#### EXERCISE REQUIREMENTS:
Retype the data in its entirety, with no word changed.

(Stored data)
◇ ◇ ◇
Lemma gauss_period_const : exists2 E, E \in Aint & forall b, b != 0 ->
  char_sum b * char_sum (- b) * gauss_period b = char_sum b * char_sum (- b) * E.
Proof.
have [b0 /andP[b0_nz Sb0]|] := pickP (fun b => (b != 0) && (char_sum b != 0)); last first.
  move=> S0; exists 0 => [|b b_nz]; first exact: rpred0.
  by have := S0 b; rewrite b_nz /= => /negbFE/eqP ->; rewrite !mul0r.
exists (gauss_period b0) => [|b b_nz].
  by apply: rpred_sum => y _; apply: Aint_unity_root r_gt0 (psi_unity_root _).
have [-> | Sb] := eqVneq (char_sum b) 0; first by rewrite !mul0r.
by rewrite (gauss_period_eq b_nz b0_nz Sb Sb0).
Qed.

Lemma max_paley_clique_identity : exists2 E, E \in Aint &
  q * #|C|%:R * (#|C|%:R - 1) = #|C|%:R * #|C|%:R * #|[set y : F | is_dth_power d y]|%:R
    + E * (q * #|C|%:R - #|C|%:R * #|C|%:R).
Proof.
have [E E_int E_const] := gauss_period_const; exists E; first exact: E_int.
have norm0 : \sum_(b | b != 0) char_sum b * char_sum (- b) = q * #|C|%:R - #|C|%:R * #|C|%:R.
  by rewrite -sum_char_sum_norm [in RHS](bigD1 0) //= oppr0 char_sum0 addrAC subrr add0r.
rewrite -(sum_char_sum_norm_period clC) (bigD1 0) //= oppr0 char_sum0 gauss_period0.
congr (_ + _); rewrite -norm0 mulr_sumr.
by apply: eq_bigr => b b_nz; rewrite E_const // mulrC.
Qed.

Hypothesis d_dvd : (d %| #|F|.-1)%N.

Lemma max_paley_clique_dvd : (d %| #|C| + 1)%N.
Proof.
have [E E_int identity] := max_paley_clique_identity.
have m_gt1 : (1 < #|C|)%N by rewrite -(ltn_exp2r _ _ (isT : 0 < 2)%N) cardC finNzRing_gt1.
have N_d : #|[set y : F | is_dth_power d y]|%:R * d%:R = q - 1.
  rewrite -natrM card_dth_powers // divnK // -subn1 natrB //.
  exact: ltnW (finNzRing_gt1 F).
apply: (@dvdn_Aint _ _ (#|C|%:R - E) (dvdn_gt0 (finField_card_pred_gt0 F) d_dvd)).
  by rewrite rpredB // rpred_nat.
rewrite natrD; apply: (solve_period_identity _ _ _ N_d identity).
- by rewrite pnatr_eq0 -lt0n ltnW.
- by rewrite pnatr_eq1 gtn_eqF.
- by rewrite -cardC -natrM mulnn.
Qed.

End AdditiveCharacterSums.

Lemma prim_root_exprFpD p (zeta : algC) (a b : 'F_p) : prime p ->
  p.-primitive_root zeta -> zeta ^+ (a + b)%R = zeta ^+ a * zeta ^+ b.
Proof.
move=> p_pr zeta_prim; rewrite -exprD -[RHS](expr_mod _ (prim_expr_order zeta_prim)).
by congr (_ ^+ _); exact (congr1 (fun k => (a + b) %% k)%N (Fp_cast p_pr)).
Qed.

Lemma exists_additive_character (F : finFieldType) p : p \in [pchar F] ->
  exists psi : F -> algC, [/\ {morph psi : x y / x + y >-> x * y},
    forall x, psi x ^+ p = 1 & exists x, psi x != 1].
Proof.
move=> pcharF; have p_pr := pcharf_prime pcharF.
pose V := pPrimeCharType pcharF.
pose coordV i (x : V) := coord (vbasis (fullv : {vspace V})) i x.
have [i coord1] : exists i, coordV i 1 != 0.
  apply/existsP; apply: contraLR (oner_neq0 (V : nzRingType)) => /existsPn coord0.
  rewrite negbK (coord_vbasis (memvf (1 : V))) big1 // => i _.
  by have /negbNE/eqP := coord0 i; rewrite /coordV => ->; rewrite scale0r.
have [zeta zeta_prim] := C_prim_root_exists (prime_gt0 p_pr).
exists (fun x : F => zeta ^+ coordV i x); split.
- by move=> x y; rewrite /coordV linearD -prim_root_exprFpD.
- by move=> x; rewrite exprAC (prim_expr_order zeta_prim) expr1n.
exists 1; rewrite -(prim_order_dvd zeta_prim).
have c_lt : (coordV i 1%R < p)%N by apply: leq_trans (ltn_ord _) _; rewrite Fp_cast.
have c_gt0 : (0 < coordV i 1%R)%N.
  by rewrite lt0n; apply: contra coord1 => /eqP c0; apply/eqP/val_inj.
by apply/negP => /(dvdn_leq c_gt0); rewrite leqNgt c_lt.
Qed.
◇ ◇ ◇
#### SOLUTION:
Lemma gauss_period_const : exists2 E, E \in Aint & forall b, b != 0 ->
  char_sum b * char_sum (- b) * gauss_period b = char_sum b * char_sum (- b) * E.
Proof.
have [b0 /andP[b0_nz Sb0]|] := pickP (fun b => (b != 0) && (char_sum b != 0)); last first.
  move=> S0; exists 0 => [|b b_nz]; first exact: rpred0.
  by have := S0 b; rewrite b_nz /= => /negbFE/eqP ->; rewrite !mul0r.
exists (gauss_period b0) => [|b b_nz].
  by apply: rpred_sum => y _; apply: Aint_unity_root r_gt0 (psi_unity_root _).
have [-> | Sb] := eqVneq (char_sum b) 0; first by rewrite !mul0r.
by rewrite (gauss_period_eq b_nz b0_nz Sb Sb0).
Qed.

Lemma max_paley_clique_identity : exists2 E, E \in Aint &
  q * #|C|%:R * (#|C|%:R - 1) = #|C|%:R * #|C|%:R * #|[set y : F | is_dth_power d y]|%:R
    + E * (q * #|C|%:R - #|C|%:R * #|C|%:R).
Proof.
have [E E_int E_const] := gauss_period_const; exists E; first exact: E_int.
have norm0 : \sum_(b | b != 0) char_sum b * char_sum (- b) = q * #|C|%:R - #|C|%:R * #|C|%:R.
  by rewrite -sum_char_sum_norm [in RHS](bigD1 0) //= oppr0 char_sum0 addrAC subrr add0r.
rewrite -(sum_char_sum_norm_period clC) (bigD1 0) //= oppr0 char_sum0 gauss_period0.
congr (_ + _); rewrite -norm0 mulr_sumr.
by apply: eq_bigr => b b_nz; rewrite E_const // mulrC.
Qed.

Hypothesis d_dvd : (d %| #|F|.-1)%N.

Lemma max_paley_clique_dvd : (d %| #|C| + 1)%N.
Proof.
have [E E_int identity] := max_paley_clique_identity.
have m_gt1 : (1 < #|C|)%N by rewrite -(ltn_exp2r _ _ (isT : 0 < 2)%N) cardC finNzRing_gt1.
have N_d : #|[set y : F | is_dth_power d y]|%:R * d%:R = q - 1.
  rewrite -natrM card_dth_powers // divnK // -subn1 natrB //.
  exact: ltnW (finNzRing_gt1 F).
apply: (@dvdn_Aint _ _ (#|C|%:R - E) (dvdn_gt0 (finField_card_pred_gt0 F) d_dvd)).
  by rewrite rpredB // rpred_nat.
rewrite natrD; apply: (solve_period_identity _ _ _ N_d identity).
- by rewrite pnatr_eq0 -lt0n ltnW.
- by rewrite pnatr_eq1 gtn_eqF.
- by rewrite -cardC -natrM mulnn.
Qed.

End AdditiveCharacterSums.

Lemma prim_root_exprFpD p (zeta : algC) (a b : 'F_p) : prime p ->
  p.-primitive_root zeta -> zeta ^+ (a + b)%R = zeta ^+ a * zeta ^+ b.
Proof.
move=> p_pr zeta_prim; rewrite -exprD -[RHS](expr_mod _ (prim_expr_order zeta_prim)).
by congr (_ ^+ _); exact (congr1 (fun k => (a + b) %% k)%N (Fp_cast p_pr)).
Qed.

Lemma exists_additive_character (F : finFieldType) p : p \in [pchar F] ->
  exists psi : F -> algC, [/\ {morph psi : x y / x + y >-> x * y},
    forall x, psi x ^+ p = 1 & exists x, psi x != 1].
Proof.
move=> pcharF; have p_pr := pcharf_prime pcharF.
pose V := pPrimeCharType pcharF.
pose coordV i (x : V) := coord (vbasis (fullv : {vspace V})) i x.
have [i coord1] : exists i, coordV i 1 != 0.
  apply/existsP; apply: contraLR (oner_neq0 (V : nzRingType)) => /existsPn coord0.
  rewrite negbK (coord_vbasis (memvf (1 : V))) big1 // => i _.
  by have /negbNE/eqP := coord0 i; rewrite /coordV => ->; rewrite scale0r.
have [zeta zeta_prim] := C_prim_root_exists (prime_gt0 p_pr).
exists (fun x : F => zeta ^+ coordV i x); split.
- by move=> x y; rewrite /coordV linearD -prim_root_exprFpD.
- by move=> x; rewrite exprAC (prim_expr_order zeta_prim) expr1n.
exists 1; rewrite -(prim_order_dvd zeta_prim).
have c_lt : (coordV i 1%R < p)%N by apply: leq_trans (ltn_ord _) _; rewrite Fp_cast.
have c_gt0 : (0 < coordV i 1%R)%N.
  by rewrite lt0n; apply: contra coord1 => /eqP c0; apply/eqP/val_inj.
by apply/negP => /(dvdn_leq c_gt0); rewrite leqNgt c_lt.
Qed.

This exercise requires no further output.